Visual Question Answering (VQA)
- Answers natural language questions about images
- Returns text responses in English
- Can be used for general image understanding and description
Object Detection
- Locates and identifies objects in images
- Returns normalized bounding box coordinates and object labels
- Can be prompted to find specific types of objects
Optical Character Recognition (OCR)
- Reads and extracts text from images
- Particularly useful for documents, signs, and text-containing images
Keypoint Detection
- Identifies specific points of interest in images
- Returns normalized point coordinates with labels
- Useful for pose estimation and landmark detection
Image Classification
- Categorizes images into predefined classes
- Can identify image quality issues
- Returns classification labels

Advanced Grounded Operations#

The model also supports two sophisticated grounded operations that build upon VQA results:

Grounded Detection
- Links textual descriptions with specific object locations
- Returns detection boxes grounded in the VQA response
Grounded Pointing
- Associates text descriptions with specific points in the image
- Returns keypoints grounded in the VQA response

The model is highly flexible, allowing you to switch between these tasks by simply changing the operation mode and prompt, making it a versatile tool for various computer vision and multimodal applications.

Technical Details#

The model implementation:

Supports multiple devices (CUDA, MPS, CPU)
Uses bfloat16 precision on CUDA devices for optimal performance
Handles various output formats including JSON parsing and coordinate normalization
Provides comprehensive system prompts for each operation type
Converts outputs to FiftyOne-compatible formats (Detections, Keypoints, Classifications)

Installation#

# Register the model source
foz.register_zoo_model_source("https://github.com/harpreetsahota204/qwen2_5_vl")

# Download the model
foz.download_zoo_model(
    "https://github.com/harpreetsahota204/qwen2_5_vl",
    model_name="Qwen/Qwen2.5-VL-3B-Instruct"
)

Usage Examples#

Loading the model#

model = foz.load_zoo_model(
    "Qwen/Qwen2.5-VL-3B-Instruct",
    # install_requirements=True #if you are using for the first time and need to download reuirement,
    # ensure_requirements=True #  ensure any requirements are installed before loading the model
)

Available Checkpoints#

These checkpoints come in different sizes (3B, 7B, 32B, and 72B parameters) and each size has two variants:

Regular version (with -Instruct suffix)
AWQ quantized version (with -Instruct-AWQ suffix)

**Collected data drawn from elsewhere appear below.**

(* Let $\mathcal H_A,\mathcal H_B$ be finite-dimensional Hilbert spaces, $|0_A\rangle\in\mathcal H_A$, $|0_B\rangle\in\mathcal H_B$ unit vectors, $|0\rangle=|0_A\rangle\otimes|0_B\rangle$, and let $|\phi\rangle\in\mathcal H_A\otimes\mathcal H_B$ be a unit vector. Decompose $|\phi\rangle=|x\rangle\otimes|0_B\rangle+|y\rangle$ with $|x\rangle=(\mathbb 1_A\otimes\langle 0_B|)|\phi\rangle$ and $(\mathbb 1_A\otimes\langle 0_B|)|y\rangle=0$, and assume $|y\rangle\neq0$. Fix $0<\epsilon<1$, let $|\psi\rangle=(|0\rangle+\epsilon|\phi\rangle)/\sqrt{\mathcal N}$ with $\mathcal N=1+\epsilon^2+2\epsilon\,\mathrm{Re}\langle0|\phi\rangle$, $\rho_A=\operatorname{tr}_B|\psi\rangle\langle\psi|$, $\mu=\epsilon^2\langle y|y\rangle/\mathcal N$ and $\omega=\operatorname{tr}_B|y\rangle\langle y|/\langle y|y\rangle$. Then for every $0<\alpha<1$, $$\mu^\alpha\operatorname{tr}\omega^\alpha\le\operatorname{tr}\rho_A^\alpha\le(1-\mu)^\alpha+\mu^\alpha\operatorname{tr}\omega^\alpha,$$ equivalently $$S_\alpha(\omega)+\frac{\alpha}{1-\alpha}\log\mu\le S_\alpha(\rho_A)\le\frac{1}{1-\alpha}\log\Big[(1-\mu)^\alpha+\mu^\alpha e^{(1-\alpha)S_\alpha(\omega)}\Big].$$
   Context: $S_\alpha(\rho)=\frac{1}{1-\alpha}\log\operatorname{tr}\rho^\alpha$. One has $\rho_A=(1-\mu)|v\rangle\langle v|+\mu\,\omega$ with $|v\rangle=(|0_A\rangle+\epsilon|x\rangle)/\sqrt{\mathcal N(1-\mu)}$ a unit vector. *)

From HB Require Import structures.
From mathcomp Require Import all_boot all_order all_algebra.
From mathcomp Require Import complex mxtens.
From mathcomp Require Import reals sequences exp.
Set Implicit Arguments. Unset Strict Implicit. Unset Printing Implicit Defensive.
Import Order.TTheory GRing.Theory Num.Theory.
Local Open Scope ring_scope.

Section QDefs.
Variable R : realType.
Local Notation C := (R[i]).

Definition adj {p q : nat} (M : 'M[C]_(p, q)) : 'M[C]_(q, p) := (map_mx conjc M)^T.

Definition braket {p : nat} (u v : 'cV[C]_p) : C := (adj u *m v) 0 0.

Definition ketbra {p : nat} (u v : 'cV[C]_p) : 'M[C]_p := u *m adj v.

Definition tket {m n : nat} (a : 'cV[C]_m) (b : 'cV[C]_n) : 'cV[C]_(m * n) :=
  tensmx a b.

Definition ptraceB {m n : nat} (M : 'M[C]_(m * n)) : 'M[C]_m :=
  \matrix_(i < m, i' < m)
     \sum_(j < n) M (mxtens_index (i, j)) (mxtens_index (i', j)).

Definition contractB {m n : nat} (b : 'cV[C]_n) (phi : 'cV[C]_(m * n)) : 'cV[C]_m :=
  \col_(i < m) \sum_(j < n) conjc (b j 0) * phi (mxtens_index (i, j)) 0.

(* tr rho^alpha for a Hermitian (normal) matrix rho : sum of lambda_i^alpha over
   its eigenvalues (with multiplicity), via the spectral decomposition *)
Definition trpow {p : nat} (rho : 'M[C]_p) (alpha : R) : R :=
  \sum_(i < p) powR (complex.Re (spectral_diag rho 0 i)) alpha.

Definition renyi {p : nat} (alpha : R) (rho : 'M[C]_p) : R :=
  (1 - alpha)^-1 * ln (trpow rho alpha).

End QDefs.

From HB Require Import structures.
From mathcomp Require Import all_boot all_order all_algebra.
From mathcomp Require Import complex mxtens.
From mathcomp Require Import reals sequences exp.
From mathcomp Require Import ring lra.
Import Order.TTheory GRing.Theory Num.Theory.
Local Open Scope ring_scope.
Set Implicit Arguments. Unset Strict Implicit.
Lemma NG_sum n (c : 'I_n -> int) (v : 'I_n -> 'rV[rat]_r) :
  (forall j, NG (v j)) -> NG (\sum_j (c j)%:~R *: v j).
Proof. by move=> NGv; apply: big_ind; [exact: NG0 | exact: NGD | move=> j _; apply: NGZ]. Qed.

Lemma NGB x y : NG x -> NG y -> NG (x - y).
Proof. by move=> NGx /(NGZ (-1)); rewrite scaleNr scale1r; apply: NGD. Qed.

Lemma NG_unitv j : NG (unitv r j).
Proof.
exists (\row_i (i == j)%:R), 0; rewrite scale0r addr0.
by apply/matrixP => i i'; rewrite !mxE; case: (i' == j).
Qed.

(* The generator of N_G has equal entries k/l in its first r-2 coordinates. *)
Lemma NG_coord_diff x : NG x -> exists z : 'rV[int]_r,
  forall i j : 'I_r, (i < r - 2)%N -> (j < r - 2)%N -> x 0 i - x 0 j = (z 0 i - z 0 j)%:~R.
Proof. by move=> [z [t ->]]; exists z => i j ir jr; rewrite !mxE ir jr intrB; ring. Qed.

Lemma unitv_primitive (j : 'I_r) : (4 <= r)%N -> (j < r - 2)%N -> primitive r NG (unitv r j).
Proof.
move=> r4 jr; split => [|lam /andP [lam_gt0 lam_lt1] /NG_coord_diff [z z_diff]].
  exact: NG_unitv.
have [j' [j'r j'_neq]] : exists j' : 'I_r, (j' < r - 2)%N /\ j' != j.
  have r0 : (0 < r)%N by lia.
  have r1 : (1 < r)%N by lia.
  case: (eqVneq j (Ordinal r0)) => [-> | j_neq].
    by exists (Ordinal r1); split; [rewrite /=; lia | apply/eqP => /(congr1 val)].
  by exists (Ordinal r0); rewrite eq_sym; split => //=; lia.
have := z_diff j j' jr j'r; rewrite !mxE eqxx (negbTE j'_neq) mulr1 mulr0 subr0 => lam_int.
by move: lam_gt0 lam_lt1; rewrite lam_int ltr0z ltrz1; lia.
Qed.

End LatticeNG.

Lemma primitive_meet_frakL r (N : lattice r) p :
  primitive r (fun x => N x /\ frakL r x) p -> primitive r N p.
Proof.
move=> [[Np pL] p_prim]; split => // lam lam_range Nlamp.
by apply: (p_prim lam lam_range); split => //; apply: frakL_scale.
Qed.

Lemma Zbasis_frakL_span r (N : lattice r) n (b : 'I_n -> 'rV[rat]_r)
    (p : 'I_3 -> 'rV[rat]_r) (f : 'I_3 -> 'I_n) :
  (3 <= r)%N -> (forall x, N x -> frakL r x) -> Zbasis r N n b ->
  injective f -> (forall i, b (f i) = p i) -> forall x, N x -> zspan p x.
Proof.
move=> r3 NL [Nb b_free b_span] f_inj bf x /b_span [c ->].
have n_le3 : (n <= 3)%N by apply: (frakL_row_free_le3 r3 _ b_free) => j; apply/NL/Nb.
apply: zspan_sum => j.
have /codomP [i ->] : j \in codom f by apply: inj_card_onto; rewrite ?card_ord.
by rewrite bf; apply: zspan_gen.
Qed.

Qwen/Qwen2.5-VL-3B-Instruct
Qwen/Qwen2.5-VL-3B-Instruct-AWQ
Qwen/Qwen2.5-VL-7B-Instruct
Qwen/Qwen2.5-VL-7B-Instruct-AWQ
Qwen/Qwen2.5-VL-32B-Instruct
Qwen/Qwen2.5-VL-32B-Instruct-AWQ
Qwen/Qwen2.5-VL-72B-Instruct
Qwen/Qwen2.5-VL-72B-Instruct-AWQ

The AWQ versions require an additional package autoawq==0.2.7.post3 but offer a more memory-efficient alternative to the regular versions while maintaining performance.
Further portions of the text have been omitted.